**TO DO:**
Examine the material below. Gather every line in which the string "only" appears.

**GIVEN RECORDS:**
:::::

(* Consider the DOMT construction described in the context. Let $t_0$ be the time of the last rejection, and suppose a ''mini-drought'' of length $k$ occurs, i.e. no hypotheses are rejected for $t\in(t_0,t_0+k]$. Assume the base procedure's threshold during the drought is governed by a monotonically decreasing sequence $\gamma_k=\Theta\!\big(\tfrac{1}{k\log^2k}\big)$ indexed by the time elapsed since the last discovery, so that at $t=t_0+k$, $\lambda_t^{\mathrm{base}}=\Theta(\gamma_k)$. Then, at $t=t_0+k$, $$\frac{\mathbb{E}[\lambda_t^{\mathrm{DOMT}}]}{\lambda_t^{\mathrm{base}}}=1+\Omega\!\left(\frac{k\log^2k}{\sqrt{t_0+k}}\right),$$ and if the drought is macroscopic, $k=\Theta(t)$, this relative advantage diverges at rate $\Omega(\sqrt t\,\log^2t)$.
   Context: A base online testing procedure produces thresholds $\lambda_t^{\mathrm{base}}\in[0,1]$ from its own (virtual) history. DOMT with exploration coefficient $\kappa>0$ and level $\alpha\in(0,1)$: let $Z_t$ be i.i.d. $\mathrm{Uniform}[0,1]$ independent of everything else, $\xi_t=\frac{\kappa\alpha}{\sqrt t}Z_t$ (so $\xi_t\sim\mathrm{Uniform}[0,\kappa\alpha/\sqrt t]$), and the DOMT threshold is $\lambda_t^{\mathrm{DOMT}}=\lambda_t^{\mathrm{base}}+\xi_t$ (clipped at $1$), where the base procedure's state is updated only using its own unperturbed decisions $\mathbf{1}\{p_t\le\lambda_t^{\mathrm{base}}\}$. *)

From mathcomp Require Import all_boot all_order all_algebra.
From mathcomp Require Import all_classical all_reals all_analysis.
Set Implicit Arguments. Unset Strict Implicit. Unset Printing Implicit Defensive.
Import Order.TTheory GRing.Theory Num.Theory.
Local Open Scope ring_scope.

Definition UnifZ (R : realType) := uniform_prob (@ltr01 R).

Definition xi (R : realType) (kappa alpha : R) (t : nat) (z : R) : R :=
  kappa * alpha / Num.sqrt (t%:R) * z.

Definition lambda_DOMT (R : realType) (kappa alpha : R) (t : nat)
    (lam_base : R) (z : R) : R :=
  Num.min (lam_base + xi kappa alpha t z) 1.

(* E[lambda_t^DOMT] (expectation over Z, the base threshold being given). *)
Definition E_lambda_DOMT (R : realType) (kappa alpha : R) (t : nat)
    (lam_base : R) : R :=
  fine ('E_(@UnifZ R)[lambda_DOMT kappa alpha t lam_base])%E.

From mathcomp Require Import all_boot all_order all_algebra.
From mathcomp Require Import all_classical all_reals all_analysis.
From mathcomp Require Import measurable_realfun ring lra.
Set Implicit Arguments.
Unset Strict Implicit.
Unset Printing Implicit Defensive.
Import Order.TTheory GRing.Theory Num.Theory.
Local Open Scope ring_scope.
Local Open Scope classical_set_scope.

(* Z is uniform on [0,1], so with probability 1/2 the perturbation xi_t is at
   least kappa*alpha/(2 sqrt t); while lambda^base <= 1/2 the clipping at 1
   costs only a constant factor, hence
   E[lambda^DOMT] >= lambda^base + min(kappa*alpha, 1/2) / (4 sqrt t).
   Dividing by lambda^base = O(1/(k log^2 k)) gives the relative gain
   Omega(k log^2 k / sqrt t).  In a macroscopic drought k >= theta t, and
   log k >= (log t)/2 as soon as t >= theta^-2, so
   k log^2 k / sqrt t >= (theta/4) sqrt t log^2 t. *)

Section probability_bounds.
Context d (T : measurableType d) (R : realType) (P : probability T R).

Lemma integral_ge_cst_indic (A : set T) (p a e : R) (g : T -> R) :
  measurable A -> P A = p%:E -> measurable_fun setT g -> 0 <= a -> 0 <= e ->
  (forall x, a + e * \1_A x <= g x) -> ((a + e * p)%:E <= \int[P]_x (g x)%:E)%E.
Proof.
move=> mA PA mg a0 e0 ag; rewrite EFinD EFinM -PA.
have mi : measurable_fun setT (fun x => e%:E * (\1_A x)%:E)%E.
  by apply/measurable_funeM/measurable_EFinP; exact: measurable_indic.
have -> : (a%:E + e%:E * P A = \int[P]_x (a%:E + e%:E * (\1_A x)%:E))%E.
  rewrite ge0_integralD //; last by move=> x _; rewrite mule_ge0 // lee_fin.
  rewrite integral_cst //= probability_setT mule1 ge0_integralZl //.
  - by rewrite (integral_indic _ measurableT mA) setIT.
  - by apply/measurable_EFinP; exact: measurable_indic.
apply: ge0_le_integral => //.
- by move=> x _; rewrite -EFinM -EFinD lee_fin addr_ge0 ?mulr_ge0.
- exact: emeasurable_funD.
- exact/measurable_EFinP.
- by move=> x _; rewrite -EFinM -EFinD lee_fin.
Qed.

Lemma integral_le_cst (g : T -> R) (b : R) :
  measurable_fun setT g -> (forall x, 0 <= g x <= b) ->
  (\int[P]_x (g x)%:E <= b%:E)%E.
Proof.
move=> mg gb.
have <- : (\int[P]_x (cst b%:E) x = b%:E)%E.
  by rewrite integral_cst //= probability_setT mule1.
apply: ge0_le_integral => //.
- by move=> x _; rewrite lee_fin; case/andP: (gb x).
- exact/measurable_EFinP.
- by move=> x _; rewrite lee_fin; case/andP: (gb x).
Qed.

End probability_bounds.

Section uniform_unit_interval.
Context (R : realType).
Local Notation P := (@UnifZ R).

Lemma UnifZ_setC_itv01 : P (~` `[0, 1]) = 0%E.
Proof.
by rewrite /UnifZ /= /uniform_prob integral_uniform_pdf setICl integral_set0.
Qed.

Lemma eq_integral_UnifZ (f g : R -> \bar R) :
  measurable_fun setT f -> measurable_fun setT g ->
  (forall z, 0 <= z <= 1 -> f z = g z) -> (\int[P]_z f z = \int[P]_z g z)%E.
Proof.
move=> mf mg fg; apply: ae_eq_integral => //.
exists (~` `[0, 1]); split; [exact: measurableC | exact: UnifZ_setC_itv01 |].
by move=> z /= + z01; apply=> _; apply: fg; rewrite in_itv in z01.
Qed.

Lemma UnifZ_itv_half1 : P `[2^-1, 1] = (2^-1)%:E.
Proof.
rewrite /UnifZ /= /uniform_prob (eq_integral (fun=> 1%:E)); last first.
  move=> x; rewrite inE /= in_itv /= /uniform_pdf => /andP[hx1 hx2].
  by rewrite hx2 andbT (le_trans _ hx1) ?invr_ge0 ?ler0n // subr0 invr1.
rewrite integral_cst //= mul1e lebesgue_measure_itv /= lte_fin.
by rewrite invf_lt1 ?ltr1n // -EFinD; congr (_%:E); lra.
Qed.

Lemma expectation_min_UnifZ_ge (lam c : R) : 0 < c -> 0 <= lam <= 2^-1 ->
  lam + Num.min c 2^-1 / 4 <= fine ('E_P[fun z => Num.min (lam + c * z) 1]).
Proof.
move=> c0 /andP[lam0 lam2].
(* Z lies in [0,1] almost surely; clamping it there leaves the expectation
   unchanged and makes the integrand at least lam everywhere. *)
pose clamp z : R := Num.min (Num.max z 0) 1.
pose h z := Num.min (lam + c * clamp z) 1.
have mh : measurable_fun setT h.
  apply: measurable_minr => //; apply: measurable_funD => //.
  apply: measurable_funM => //.
  by apply: measurable_minr => //; exact: measurable_maxr.
have -> : ('E_P[(fun z => Num.min (lam + c * z) 1)%R] = \int[P]_z (h z)%:E)%E.
  rewrite expectation.unlock; apply: eq_integral_UnifZ.
  - apply/measurable_EFinP; apply: measurable_minr => //.
    by apply: measurable_funD => //; exact: measurable_funM.
  - exact/measurable_EFinP.
  - by move=> z /andP[z0 z1]; rewrite /h /clamp (max_l z0) (min_l z1).
have clamp01 z : 0 <= clamp z <= 1.
  by rewrite /clamp ge_min lexx orbT le_min ler01 le_max lexx orbT.
have h_ge z : lam <= h z.
  rewrite /h le_min lerDl (le_trans lam2) ?invf_le1 ?ler1n // andbT.
  by case/andP: (clamp01 z) => cz0 _; rewrite mulr_ge0 // ltW.
have h01 z : 0 <= h z <= 1.
  by rewrite (le_trans lam0 (h_ge z)) /h ge_min lexx orbT.
set b := Num.min c 2^-1.
have hb z : lam + b / 2 * \1_`[2^-1, 1] z <= h z.
  rewrite indicE; case: (boolP (z \in _)) => [|_]; last by rewrite mulr0 addr0.
  rewrite inE /= in_itv /= => /andP[z2 z1].
  have cz : 2^-1 <= clamp z.
    rewrite /clamp max_l ?min_l //.
    by apply: le_trans z2; rewrite invr_ge0 ler0n.
  have bc : b <= c by rewrite ge_min lexx.
  have b2 : b <= 2^-1 by rewrite ge_min lexx orbT.
  rewrite mulr1 /h le_min; apply/andP; split; last lra.
  by rewrite lerD2l; nra.
have b0 : 0 <= b / 2 by rewrite divr_ge0 // le_min ltW //= invr_ge0 ler0n.
have lo := integral_ge_cst_indic (P := P) (measurable_itv _) UnifZ_itv_half1
  mh lam0 b0 hb.
have up := integral_le_cst P mh h01.
by move: lo up; case: (\int[P]_z _)%E => [r| |] //=; rewrite lee_fin; lra.
Qed.

End uniform_unit_interval.

Section domt_expectation.
Context (R : realType) (kappa alpha : R).
Hypotheses (kappa_gt0 : 0 < kappa) (alpha_gt0 : 0 < alpha).

Lemma E_lambda_DOMT_ge (t : nat) (lam : R) : (0 < t)%N -> 0 <= lam <= 2^-1 ->
  lam + Num.min (kappa * alpha) 2^-1 / (4 * Num.sqrt t%:R)
    <= E_lambda_DOMT kappa alpha t lam.
Proof.
move=> t_gt0 lam01.
have s1 : 1 <= Num.sqrt (t%:R : R).
  by rewrite -[X in X <= _](@sqrtr1 R) ler_sqrt ?ler1n ?ler0n.
have s0 : 0 < Num.sqrt (t%:R : R) by apply: lt_le_trans s1.
have ka0 : 0 < kappa * alpha by rewrite mulr_gt0.
have c0 : 0 < kappa * alpha / Num.sqrt t%:R by rewrite divr_gt0.
apply: le_trans (expectation_min_UnifZ_ge c0 lam01).
rewrite lerD2l invfM mulrA mulrAC ler_pM2r ?invr_gt0 ?ltr0n //.
rewrite le_min ler_pM2r ?invr_gt0 // ge_min lexx /= ler_pdivrMr //.
by rewrite ge_min ler_peMr ?orbT // invr_ge0 ler0n.
Qed.

Lemma E_lambda_DOMT_ratio_ge (t : nat) (lam D G : R) :
  (0 < t)%N -> 0 < lam -> 0 < D -> 2 * D <= G -> G * lam <= D ->
  1 + Num.min (kappa * alpha) 2^-1 / (4 * D) * (G / Num.sqrt t%:R)
    <= E_lambda_DOMT kappa alpha t lam / lam.
Proof.
move=> t_gt0 lam0 D0 GD GlamD.
have lam_half : lam <= 2^-1 by nra.
rewrite ler_pdivlMr //; apply: le_trans (E_lambda_DOMT_ge t_gt0 _); last first.
  by rewrite (ltW lam0) lam_half.
set m := Num.min _ _; set s := Num.sqrt _.
have s0 : 0 < s by rewrite sqrtr_gt0 ltr0n.
have m0 : 0 <= m by rewrite le_min !ltW ?mulr_gt0 //= invr_gt0 ltr0n.
have -> : (1 + m / (4 * D) * (G / s)) * lam = lam + m / (4 * s) * (G * lam / D).
  by field; rewrite !gt_eqF.
have GlamD1 : G * lam / D <= 1 by rewrite ler_pdivrMr // mul1r.
by rewrite lerD2l ler_piMr // divr_ge0 // mulr_ge0 // ltW.
Qed.

End domt_expectation.

Lemma mul_ln_sqr_gt0 (R : realType) (k : nat) :
  (2 <= k)%N -> 0 < k%:R * ln (k%:R : R) ^+ 2.
Proof.
move=> k2; rewrite mulr_gt0 ?ltr0n ?(leq_trans _ k2) // exprn_gt0 // ln_gt0 //.
by rewrite ltr1n.
Qed.

Lemma nbhs_infty_mul_ln_sqr_ge (R : realType) (B : R) :
  \forall k \near \oo, (2 <= k)%N /\ B <= k%:R * ln k%:R ^+ 2.
Proof.
have ln2 : 0 < ln (2 : R) by rewrite ln_gt0 // ltr1n.
near=> k; have k2 : (2 <= k)%N by near: k; exact: nbhs_infty_ge.
split=> //; have kB : B / ln 2 ^+ 2 <= k%:R by near: k; exact: nbhs_infty_ger.
have lnk : ln (2 : R) <= ln k%:R.
  by rewrite ler_ln ?posrE ?ler_nat // ltr0n (leq_trans _ k2).
apply: le_trans (_ : k%:R * ln 2 ^+ 2 <= _).
  by rewrite -ler_pdivrMr ?exprn_gt0.
by apply: ler_wpM2l => //; rewrite ler_sqr ?nnegrE // ltW // (lt_le_trans ln2).
Unshelve. all: by end_near.
Qed.

Lemma sqrt_mul_ln_sqr_le (R : realType) (theta t x : R) :
  0 < theta -> 1 <= t -> theta^-2 <= t -> theta * t <= x ->
  theta / 4 * (Num.sqrt t * ln t ^+ 2) <= x * ln x ^+ 2 / Num.sqrt t.
Proof.
move=> theta0 t1 tth thx.
have t0 : 0 < t by apply: lt_le_trans t1.
have x0 : 0 < x by apply: lt_le_trans thx; rewrite mulr_gt0.
have lnt0 : 0 <= ln t by rewrite ln_ge0.
have lnx : ln t / 2 <= ln x.
  have : ln (theta * t) <= ln x by rewrite ler_ln ?posrE ?mulr_gt0.
  have : ln (theta^-2) <= ln t by rewrite ler_ln ?posrE ?invr_gt0 ?exprn_gt0.
  rewrite lnM ?posrE // lnV ?posrE ?exprn_gt0 // lnXn //; lra.
have lnx2 : ln t ^+ 2 / 4 <= ln x ^+ 2 by nra.
have s0 : 0 < Num.sqrt t by rewrite sqrtr_gt0.
rewrite ler_pdivlMr //; set s := Num.sqrt t; set L := ln t ^+ 2.
have ss : s * s = t by rewrite -expr2 sqr_sqrtr // ltW.
have -> : theta / 4 * (s * L) * s = (theta * t) * (L / 4) by rewrite -ss; field.
by apply: ler_pM; rewrite // ?mulr_ge0 ?divr_ge0 ?sqr_ge0 // ltW.
Qed.

Lemma mini_drought_advantage (R : realType) (kappa alpha D : R)
    (lam_base : nat -> nat -> R) :
  0 < kappa -> 0 < alpha -> 0 < D ->
  (forall t0 k : nat, (2 <= k)%N -> 0 < lam_base t0 k) ->
  (forall t0 k : nat, (2 <= k)%N ->
     k%:R * ln k%:R ^+ 2 * lam_base t0 k <= D) ->
  exists2 C : R, 0 < C & exists K : nat, forall t0 k : nat, (K <= k)%N ->
    1 + C * (k%:R * ln k%:R ^+ 2 / Num.sqrt (t0 + k)%:R)
      <= E_lambda_DOMT kappa alpha (t0 + k) (lam_base t0 k) / lam_base t0 k.
Proof.
move=> kappa0 alpha0 D0 lam_gt0 lam_le.
exists (Num.min (kappa * alpha) 2^-1 / (4 * D)).
  by rewrite divr_gt0 ?mulr_gt0 // lt_min mulr_gt0 //= invr_gt0 ltr0n.
have [K _ hK] := nbhs_infty_mul_ln_sqr_ge (2 * D).
exists K => t0 k /hK [k2 GD].
apply: E_lambda_DOMT_ratio_ge => //; last exact: lam_le.
- by rewrite addn_gt0 (leq_trans _ k2) ?orbT.
- exact: lam_gt0.
Qed.

Lemma macroscopic_drought_advantage (R : realType) (f : nat -> nat -> R)
    (C : R) (K : nat) : 0 < C ->
  (forall t0 k : nat, (K <= k)%N ->
     1 + C * (k%:R * ln k%:R ^+ 2 / Num.sqrt (t0 + k)%:R) <= f t0 k) ->
  forall theta : R, 0 < theta ->
  exists C' : R, 0 < C' /\ exists T : nat, forall t0 k : nat,
    (T <= t0 + k)%N -> theta * (t0 + k)%:R <= k%:R ->
    1 + C' * (Num.sqrt (t0 + k)%:R * ln (t0 + k)%:R ^+ 2) <= f t0 k.
Proof.
move=> C0 hf theta theta0; exists (C * (theta / 4)); split.
  by rewrite mulr_gt0 ?divr_gt0.
have [T _ hT] : \forall t \near \oo,
    [/\ (1 <= t)%N, theta^-2 <= t%:R & K%:R / theta <= t%:R].
  near=> t; split; near: t;
    [exact: nbhs_infty_ge | exact: nbhs_infty_ger | exact: nbhs_infty_ger].
exists T => t0 k /hT [t1 tth tK] hk.
have Kk : (K <= k)%N.
  by rewrite -(ler_nat R); apply: le_trans hk; rewrite mulrC -ler_pdivrMr.
apply: le_trans (hf t0 k Kk); rewrite lerD2l -mulrA ler_pM2l //.
by apply: sqrt_mul_ln_sqr_le; rewrite ?ler1n.
Unshelve. all: by end_near.
Qed.

Theorem lemma1 (R : realType) (kappa alpha : R)
  (gamma : nat -> R) (lam_base : nat -> nat -> R)
  (c1 c2 d1 d2 : R) :
  0 < kappa -> 0 < alpha < 1 ->
  (* gamma is monotonically decreasing *)
  (forall m n : nat, (m <= n)%N -> gamma n <= gamma m) ->
  (* gamma_k = Theta(1/(k log^2 k)) *)
  0 < c1 -> 0 < c2 ->
  (forall k : nat, (2 <= k)%N ->
     c1 / (k%:R * ln (k%:R) ^+ 2) <= gamma k <= c2 / (k%:R * ln (k%:R) ^+ 2)) ->
  (* base thresholds lie in [0,1] *)
  (forall t0 k : nat, 0 <= lam_base t0 k <= 1) ->
  (* lambda_t^base = Theta(gamma_k) at t = t0 + k *)
  0 < d1 -> 0 < d2 ->
  (forall t0 k : nat, (2 <= k)%N ->
     d1 * gamma k <= lam_base t0 k <= d2 * gamma k) ->
  (* ratio = 1 + Omega(k log^2 k / sqrt(t0 + k)) *)
  (exists C : R, 0 < C /\ exists K : nat, forall t0 k : nat, (K <= k)%N ->
     1 + C * (k%:R * ln (k%:R) ^+ 2 / Num.sqrt ((t0 + k)%:R))
       <= E_lambda_DOMT kappa alpha (t0 + k) (lam_base t0 k) / lam_base t0 k)
  /\
  (* macroscopic drought k = Theta(t): relative advantage Omega(sqrt t log^2 t) *)
  (forall theta : R, 0 < theta ->
     exists C : R, 0 < C /\ exists T : nat, forall t0 k : nat,
       (T <= t0 + k)%N -> theta * (t0 + k)%:R <= k%:R ->
       1 + C * (Num.sqrt ((t0 + k)%:R) * ln ((t0 + k)%:R) ^+ 2)
         <= E_lambda_DOMT kappa alpha (t0 + k) (lam_base t0 k) / lam_base t0 k).
Proof.
move=> kappa0 /andP[alpha0 _] _ c1_gt0 c2_gt0 gamma_bnd _ d1_gt0 d2_gt0 lam_bnd.
have lam_gt0 t0 k : (2 <= k)%N -> 0 < lam_base t0 k.
  move=> k2; have /andP[gamma_ge _] := gamma_bnd k k2.
  have /andP[lam_ge _] := lam_bnd t0 k k2.
  apply: lt_le_trans lam_ge; rewrite mulr_gt0 // (lt_le_trans _ gamma_ge) //.
  by rewrite divr_gt0 ?mul_ln_sqr_gt0.
have lam_le t0 k : (2 <= k)%N ->
    k%:R * ln k%:R ^+ 2 * lam_base t0 k <= d2 * c2.
  move=> k2; have /andP[_ gamma_le] := gamma_bnd k k2.
  have /andP[_ lam_le] := lam_bnd t0 k k2.
  rewrite mulrC -ler_pdivlMr ?mul_ln_sqr_gt0 // -mulrA.
  exact: le_trans lam_le (ler_wpM2l (ltW d2_gt0) gamma_le).
have [C C0 [K hK]] :=
  mini_drought_advantage kappa0 alpha0 (mulr_gt0 d2_gt0 c2_gt0) lam_gt0 lam_le.
split; first by exists C; split=> //; exists K.
exact: macroscopic_drought_advantage C0 hK.
Qed.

:::::

**THE COMPLETED TASK:**
   Context: A base online testing procedure produces thresholds $\lambda_t^{\mathrm{base}}\in[0,1]$ from its own (virtual) history. DOMT with exploration coefficient $\kappa>0$ and level $\alpha\in(0,1)$: let $Z_t$ be i.i.d. $\mathrm{Uniform}[0,1]$ independent of everything else, $\xi_t=\frac{\kappa\alpha}{\sqrt t}Z_t$ (so $\xi_t\sim\mathrm{Uniform}[0,\kappa\alpha/\sqrt t]$), and the DOMT threshold is $\lambda_t^{\mathrm{DOMT}}=\lambda_t^{\mathrm{base}}+\xi_t$ (clipped at $1$), where the base procedure's state is updated only using its own unperturbed decisions $\mathbf{1}\{p_t\le\lambda_t^{\mathrm{base}}\}$. *)
   costs only a constant factor, hence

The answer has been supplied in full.